A: Our capital markets business continues to grow nicely and is a strong area for us. With the acquisition of Triago and additions to our PFG business, we expect meaningful growth in non-M&A areas of corporate finance in upcoming periods. -
European Market Position
Q: How has the GCA acquisition enhanced your position in Europe?
A: The GCA transaction has materially evolved our European business, significantly increasing our importance in the marketplace. We are now just steps behind institutions that have operated for hundreds of years, at least from a deal count standpoint. -
Triago Synergies
Q: What are the synergies from the Triago acquisition?

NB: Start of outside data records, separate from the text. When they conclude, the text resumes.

Lemma fold_segmentE (w : R) (V P Q X : pt) :
  cross (vsub P V) (vsub Q V) <> 0 ->
  fold_segment w V P Q X <-> sdist X V P = sdist X V Q /\ Rabs (sdist X V P) <= w / 2.
Proof.
  intros Hangle. unfold fold_segment.
  rewrite (on_fold_line_iff V P Q X Hangle), !dist_to_line_sdist.
  split; intros [Heq Hle]; split; auto.
  - apply Hle.
  - rewrite <- Heq. auto.
Qed.

Lemma dist_mul_sdist (X V P : pt) :
  dist P V <> 0 -> dist P V * sdist X V P = cross (vsub P V) (vsub X V).
Proof. intros HP. unfold sdist. field. auto. Qed.

Lemma nondegenerate_rot (A B C : pt) : nondegenerate A B C -> nondegenerate B C A.
Proof.
  unfold nondegenerate. intros HK Z. apply HK. rewrite <- Z.
  unfold cross, vsub; cbn [fst snd]. ring.
Qed.

Lemma nondegenerate_dist_neq0 (A B C : pt) : nondegenerate A B C -> dist B A <> 0.
Proof. apply cross_neq0_dist. Qed.

Lemma nondegenerate_fold_angle (A B C : pt) :
  nondegenerate A B C -> cross (vsub C A) (vsub B A) <> 0.
Proof. unfold nondegenerate. rewrite cross_antisym. lra. Qed.

Lemma fold_lines_meet (A B C X : pt) :
  nondegenerate A B C -> sdist X A C = sdist X A B -> sdist X B A = sdist X B C ->
  sdist X A B * (dist B C + dist C A - dist A B) = - cross (vsub B A) (vsub C A).
Proof.
  intros HK HA HB.
  pose proof (nondegenerate_dist_neq0 _ _ _ HK) as Hc.
  pose proof (nondegenerate_dist_neq0 _ _ _ (nondegenerate_rot _ _ _ HK)) as Ha.
  pose proof (nondegenerate_dist_neq0 _ _ _
                (nondegenerate_rot _ _ _ (nondegenerate_rot _ _ _ HK))) as Hb.
  (* The triangle A B C is cut into X A B, X B C and X C A. *)
  assert (Harea : cross (vsub B A) (vsub X A) + cross (vsub C B) (vsub X B)
                  + cross (vsub A C) (vsub X C) = cross (vsub B A) (vsub C A)).
  { unfold cross, vsub; cbn [fst snd]. ring. }
  rewrite <- (dist_mul_sdist X A B), <- (dist_mul_sdist X B C), <- (dist_mul_sdist X C A)
    in Harea by auto.
  rewrite <- HB, (sdist_swap X A C), HA, (sdist_swap X A B) in Harea.
  rewrite (dist_sym A B), (dist_sym B C), (dist_sym C A). lra.
Qed.

Lemma heron (A B C : pt) :
  let a := dist B C in let b := dist C A in let c := dist A B in
  4 * cross (vsub B A) (vsub C A) ^ 2 = (a + b + c) * (a + b - c) * (a - b + c) * (- a + b + c).
Proof.
  intros a b c.
  transitivity (2 * (a ^ 2 * b ^ 2 + b ^ 2 * c ^ 2 + c ^ 2 * a ^ 2)
                - (a ^ 2) ^ 2 - (b ^ 2) ^ 2 - (c ^ 2) ^ 2); [| ring].
  unfold a, b, c. rewrite !dist_sq.
  unfold cross, vsub; cbn [fst snd]. ring.
Qed.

A: With Triago, we can offer an integrated solution to sponsors, ranging from primary and secondary markets to GP and LP stakes and financings. We feel very good about the opportunities ahead, though we don't disclose specific contributions. -
MD Productivity Outlook
Q: How should we think about revenue per MD as activity picks up?
A: Corporate Finance is well-staffed relative to current revenues, so productivity is low on a relative basis. Improvements in average transaction size and fee size are expected to drive productivity as markets recover, though reaching COVID-levels is tough due to factors like resumed travel. -
Mid-cap vs. Large-cap Deals
Q: What's causing divergence between large-cap and mid-cap activity?
A: We focus on the total volume of deals, not deal value. While large-cap deals may get attention, the vast majority of global deals are mid-cap, where we have a small market share. We don't see a meaningful difference in health between large-cap and mid-cap activity. -
Geographical and Sector Trends
Q: Any geographies or sectors showing more acceleration?
A: No specific sectors or geographies are notably stronger or weaker at this time. While there have been some ebbs and flows between the U.S. and Europe, there's no discernible difference currently. Our Asian business remains at a different scale compared to the U.S. and Europe. -
Impact of Rate Expectations
Q: How are clients responding to changing Fed rate expectations?
A: Activity levels are more influenced by the availability of capital than its cost. Capital is currently very available, and clients are aggressively deploying it, which is positive. While pricing affects valuations, availability drives activity more than cost does.